Docker has made more than 1000 Docker Hardened Images (DHI) fully open source and available for free, marking a decisive shift from a commercial-only model to an open standard for container security. Released under the Apache 2.0 license, the images are now subscription-free and accessible to all 26 million-plus developers in the global container ecosystem.
Announcing the move, Docker said: “Today, we are establishing a new industry standard by making DHI freely available and open source to everyone who builds software. All 26 Million+ developers in the container ecosystem.”
Docker further emphasised the absence of licensing barriers, stating: “DHI is fully open and free to use, share, and build on with no licensing surprises, backed by an Apache 2.0 license. DHI now gives the world a secure, minimal, production-ready foundation from the very first pull.”
First launched in May 2025 as a commercial offering, Docker Hardened Images are secure, minimal, production-ready base images maintained directly by Docker. They are designed to reduce attack surface and mitigate supply-chain risk at the container layer, serving as hardened foundations rather than application images.
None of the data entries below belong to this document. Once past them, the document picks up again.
(* Let $X$ be an irreducible finite dimensional CAT(0) cube complex. For any infinite descending chain $s_1\supsetneq s_2\supsetneq\cdots$ of pairwise strongly separated half-spaces, $\bigcap_n s_n\subset\overline X$ is a single point. In particular, if $\xi_1\ne\xi_2$ are in $\partial_rX$, then there are disjoint strongly separated half-spaces $h_1,h_2$ with $\xi_1\in h_1$ and $\xi_2\in h_2$.
   Context: Conventions. $X$ is a finite-dimensional, second countable CAT(0) cube complex identified with its vertex set. $\mathfrak H$ is the set of half-spaces, $h^*=X\setminus h$; $U_v=\{h:v\in h\}$; Roller compactification $\overline X$ = closure of $\{U_v\}$ in $2^{\mathfrak H}$ (product topology), $\partial X=\overline X\setminus X$; each $\xi\in\overline X$ is a subset $U_\xi$, and $h$ is regarded as the subset $\{\xi:h\in U_\xi\}$ of $\overline X$. Transverse: $h\cap k,h\cap k^*,h^*\cap k,h^*\cap k^*$ all nonempty; strongly separated: no half-space transverse to both. Irreducible: not a nontrivial product. Regular points $\partial_rX$ (irreducible $X$): $\xi\in\partial X$ such that for all $h_1,h_2\in U_\xi$ there is $k\in U_\xi$ with $k\subset h_1\cap h_2$ strongly separated from both. *)

(* A CAT(0) cube complex is represented combinatorially by its
   1-skeleton, which is a median graph (Chepoi / Roller / Gerasimov); the
   complex is identified with its vertex set, as in the paper's conventions. *)
From Stdlib Require Import List Arith.
Import ListNotations.
Set Implicit Arguments.

Section CubeComplex.
Variable V : Type.
Variable adj : V -> V -> Prop.

Inductive walk : V -> V -> nat -> Prop :=
| walk0 : forall x, walk x x 0
| walkS : forall x y z n, adj x y -> walk y z n -> walk x z (S n).

Definition dist (x y : V) (d : nat) : Prop :=
  walk x y d /\ forall n, walk x y n -> d <= n.

Definition between (x z y : V) : Prop :=
  exists a b, dist x z a /\ dist z y b /\ dist x y (a + b).

Definition median_graph : Prop :=
  (forall x y, adj x y -> adj y x) /\
  (forall x, ~ adj x x) /\
  (forall x y, exists n, walk x y n) /\
  (forall x y z, exists m,
      (between x m y /\ between y m z /\ between x m z) /\
      forall m', between x m' y /\ between y m' z /\ between x m' z -> m' = m).

Definition convex (S : V -> Prop) : Prop :=
  forall x y z, S x -> S y -> between x z y -> S z.

Definition is_halfspace (h : V -> Prop) : Prop :=
  (exists v, h v) /\ (exists w, ~ h w) /\ convex h /\ convex (fun v => ~ h v).

Definition hcompl (h : V -> Prop) : V -> Prop := fun v => ~ h v.

Definition meets (a b : V -> Prop) : Prop := exists v, a v /\ b v.

Definition transverse (h k : V -> Prop) : Prop :=
  meets h k /\ meets h (hcompl k) /\ meets (hcompl h) k /\
  meets (hcompl h) (hcompl k).

Definition strongly_separated (h k : V -> Prop) : Prop :=
  ~ exists j, is_halfspace j /\ transverse j h /\ transverse j k.

(* finite dimension: bounded size of families of pairwise transverse half-spaces
   (= maximal number of pairwise crossing hyperplanes = max cube dimension) *)
Definition finite_dimensional : Prop :=
  exists D, forall l : list (V -> Prop),
    Forall is_halfspace l -> ForallOrdPairs transverse l -> length l <= D.

(* second countable: countably many vertices *)
Definition second_countable : Prop :=
  exists f : V -> nat, forall x y, f x = f y -> x = y.

Definition cart_adj (A B : Type) (eA : A -> A -> Prop) (eB : B -> B -> Prop)
  (p q : A * B) : Prop :=
  (eA (fst p) (fst q) /\ snd p = snd q) \/ (fst p = fst q /\ eB (snd p) (snd q)).

Definition irreducible : Prop :=
  ~ exists (A B : Type) (eA : A -> A -> Prop) (eB : B -> B -> Prop) (f : V -> A * B),
      (forall x y, f x = f y -> x = y) /\ (forall p, exists x, f x = p) /\
      (forall x y, adj x y <-> cart_adj eA eB (f x) (f y)) /\
      (exists a1 a2 : A, a1 <> a2) /\ (exists b1 b2 : B, b1 <> b2).

(* Roller compactification: points are subsets U of the set of half-spaces
   lying in the closure of {U_v} for the product topology on 2^H. *)
Definition in_Xbar (U : (V -> Prop) -> Prop) : Prop :=
  forall l : list (V -> Prop), Forall is_halfspace l ->
    exists v, Forall (fun h => U h <-> h v) l.

Definition is_vertex_point (U : (V -> Prop) -> Prop) (v : V) : Prop :=
  forall h, is_halfspace h -> (U h <-> h v).

Definition in_boundary (U : (V -> Prop) -> Prop) : Prop :=
  in_Xbar U /\ ~ exists v, is_vertex_point U v.

Definition same_point (U U' : (V -> Prop) -> Prop) : Prop :=
  forall h, is_halfspace h -> (U h <-> U' h).

Definition hsubset (a b : V -> Prop) : Prop := forall v, a v -> b v.

Definition regular_point (U : (V -> Prop) -> Prop) : Prop :=
  in_boundary U /\
  forall h1 h2, is_halfspace h1 -> is_halfspace h2 -> U h1 -> U h2 ->
    exists k, is_halfspace k /\ U k /\ hsubset k (fun v => h1 v /\ h2 v) /\
      strongly_separated k h1 /\ strongly_separated k h2.

End CubeComplex.

(* Every edge of the median graph crosses at most one "gap" s_n \ s_(n+1) of a
   strictly descending chain of half-spaces, so a walk from a vertex of s_(n+d)
   to a vertex outside s_n has length > d; in particular the chain has empty
   intersection.  Hence a half-space h meeting every s_n and every complement
   of s_n is eventually transverse to all of them, which strong separation
   forbids: every half-space eventually contains s_n or is disjoint from it.
   So the only point of the Roller compactification containing all s_n is the
   ultrafilter {h | s_n is contained in h for some n}.
   For distinct regular points pick h with xi1 in h and xi2 in h*; regularity
   yields k in h and k' in h*, strongly separated from h and h*.  A half-space
   transverse to both k and k' would be transverse to h. *)
From Pilot Require Import Defs.
From Stdlib Require Import List Arith Lia Classical.
Import ListNotations.

Section CubeComplex.
Variable V : Type.
Variable adj : V -> V -> Prop.

Lemma walk_0_eq (x y : V) : walk adj x y 0 -> x = y.
Proof. intro H; inversion H; reflexivity. Qed.
Lemma min_gen_proper_support (w : assignment T) : min_gen w ->
  proper_subtree (supp_set w) /\ bz_support w = sub_edges (supp_set w).
Proof.
move=> mg; have el := min_gen_elem0 mg; have cn := min_gen_supp_connected mg.
have [Qw [nz _]] := mg.
have two_sides x : w x <> zero_bz ->
    exists k k', [/\ k != k', side_nz (w x) k & side_nz (w x) k'].
  by case: (el x) => [->//|[i ->] _]; apply: elem_two_sides.
have supp_induced : subrel (supp_edge w) (induced (supp_set w)).
  by move=> a b ab; rewrite /induced (supp_set_l ab) (supp_set_r ab) !andbT; case/andP: ab.
split; [split; [|split] |].
- have [v0 nz0] := assign_neq0 nz; have t0 := inQ_trinode Qw nz0.
  have [k [_ [_ nzk _]]] := two_sides _ nz0; have E := supp_edge_tside t0 nzk.
  apply/card_gt1P; exists v0, (tside v0 k).
  by rewrite (supp_set_l E) (supp_set_r E) adj_neq ?adj_tside.
- by move=> x y xS yS; apply: connect_sub (cn _ _ xS yS) => a b /supp_induced /connect1.
- move=> x xS d1; rewrite leafE; apply/negP => tx.
  have [k [k' [kk' nzk nzk']]] := two_sides _ (supp_set_neq0 Qw tx xS).
  have E := supp_edge_tside tx nzk; have E' := supp_edge_tside tx nzk'.
  suff : 1 < #|[set y in supp_set w | adj x y]| by rewrite d1.
  apply/card_gt1P; exists (tside x k), (tside x k').
  rewrite inE (supp_set_r E) adj_tside // inE (supp_set_r E') adj_tside //; split=> //.
  by apply: contra kk' => /eqP /(tside_injective tx) ->.
- apply/setP => [[a b]]; rewrite in_bz_support in_sub_edges.
  apply/idP/idP => [/supp_induced // | /and3P[ab aS bS]].
  by apply: connect_adj_edge (cn _ _ aS bS) ab => ? ? /andP[].
Qed.

End Support.

Section GivenSupport.
Variables (T : tritree) (S : {set tv T}).
Local Notation V := (tv T).
Local Notation adj := (@tadj T).
Hypothesis PS : proper_subtree S.

Definition inner_side (v : V) (k : 'I_3) := (v \in S) && (tside v k \in S).

Definition elem_on (v : V) (a : bz) := is_elem0 a /\ forall k, side_nz a k = inner_side v k.

Lemma elem_on_out v a : elem_on v a -> v \notin S -> a = zero_bz.
Proof.
move=> [[//|[i ->]] sides] vS; have [k [_ [_ nz _]]] := elem_two_sides i.
by move: nz; rewrite sides /inner_side (negbTE vS).
Qed.

Lemma elem_on_inner v a k : elem_on v a -> inner_side v k -> exists i, a = elem_bz i.
Proof. by move=> [[->|//] sides]; rewrite -sides /side_nz bweight_zero. Qed.

Lemma inner_sides_two v : v \in S -> trinode v ->
  exists k1 k2, [/\ k1 != k2, inner_side v k1 & inner_side v k2].
Proof.
move=> vS tv; have [y [z [yz yS zS vy vz]]] := proper_two_neighbours PS vS tv.
have [k1 e1] := tside_onto tv vy; have [k2 e2] := tside_onto tv vz.
exists k1, k2; rewrite /inner_side vS e1 e2 yS zS; split => //.
by apply: contra yz => /eqP E; rewrite -e1 -e2 E.
Qed.

Lemma elem_on_glue v v' a : trinode v -> trinode v' -> adj v v' -> elem_on v a ->
  exists2 a', elem_on v' a' & bz_glued v v' a a'.
Proof.
move=> tv tv' vv' [ea sides]; have [k [k' [e1 e2]]] := tside_edge tv tv' vv'.
have glue_to a' : bweight a k = swap_pair (bweight a' k') -> bz_glued v v' a a'.
  exact: bz_gluedI.
have unused b c : ~~ side_nz b c -> bweight b c = (0, 0) by move/negbNE/eqP.
have [v'S|v'S] := boolP (v' \in S); last first.
  exists zero_bz.
    by split=> [|c]; [left | rewrite /side_nz bweight_zero /inner_side (negbTE v'S)].
  by apply: glue_to; rewrite bweight_zero unused // sides /inner_side e1 (negbTE v'S) andbF.
have two := inner_sides_two v'S tv'; have [c [_ [_ Dc _]]] := two.
have [vS|vS] := boolP (v \in S).
  have Dk : inner_side v k by rewrite /inner_side vS e1 v'S.
  have Dk' : inner_side v' k' by rewrite /inner_side v'S e2 vS.
  have [i Ei] := elem_on_inner (conj ea sides) Dk.
  have [b Eb] : exists b, bweight a k = unit_wt b.
    move: (sides k); rewrite Dk Ei /side_nz.
    by case: (bweight_elem_cases i k) => ->; [|exists true|exists false].
  have [i' [sides' Eb']] := elem_with_sides (~~ b) Dk' two.
  exists (elem_bz i'); first by split=> //; right; exists i'.
  by apply: glue_to; rewrite Eb Eb' swap_unit_wt.
have [i' [sides' _]] := elem_with_sides true Dc two.
exists (elem_bz i'); first by split=> //; right; exists i'.
apply: glue_to; rewrite !unused //; first by rewrite sides' /inner_side e2 (negbTE vS) andbF.
by rewrite sides /inner_side (negbTE vS).
Qed.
Technically, DHIs are rootless by default, stripped of unnecessary components, and free of known vulnerabilities at release. They support the Vulnerability Exploitability eXchange (VEX) standard and remain SBOM-verifiable, built with SLSA Build Level 3 provenance, and accompanied by proof of authenticity.
While fixes for vulnerabilities will continue to be provided across tiers, only DHI Enterprise customers receive a guaranteed seven-day CVE patching SLA. Docker has said it aims to reduce enterprise patch timelines to one day or less, alongside offering runtime configuration, image modification, and additional tooling.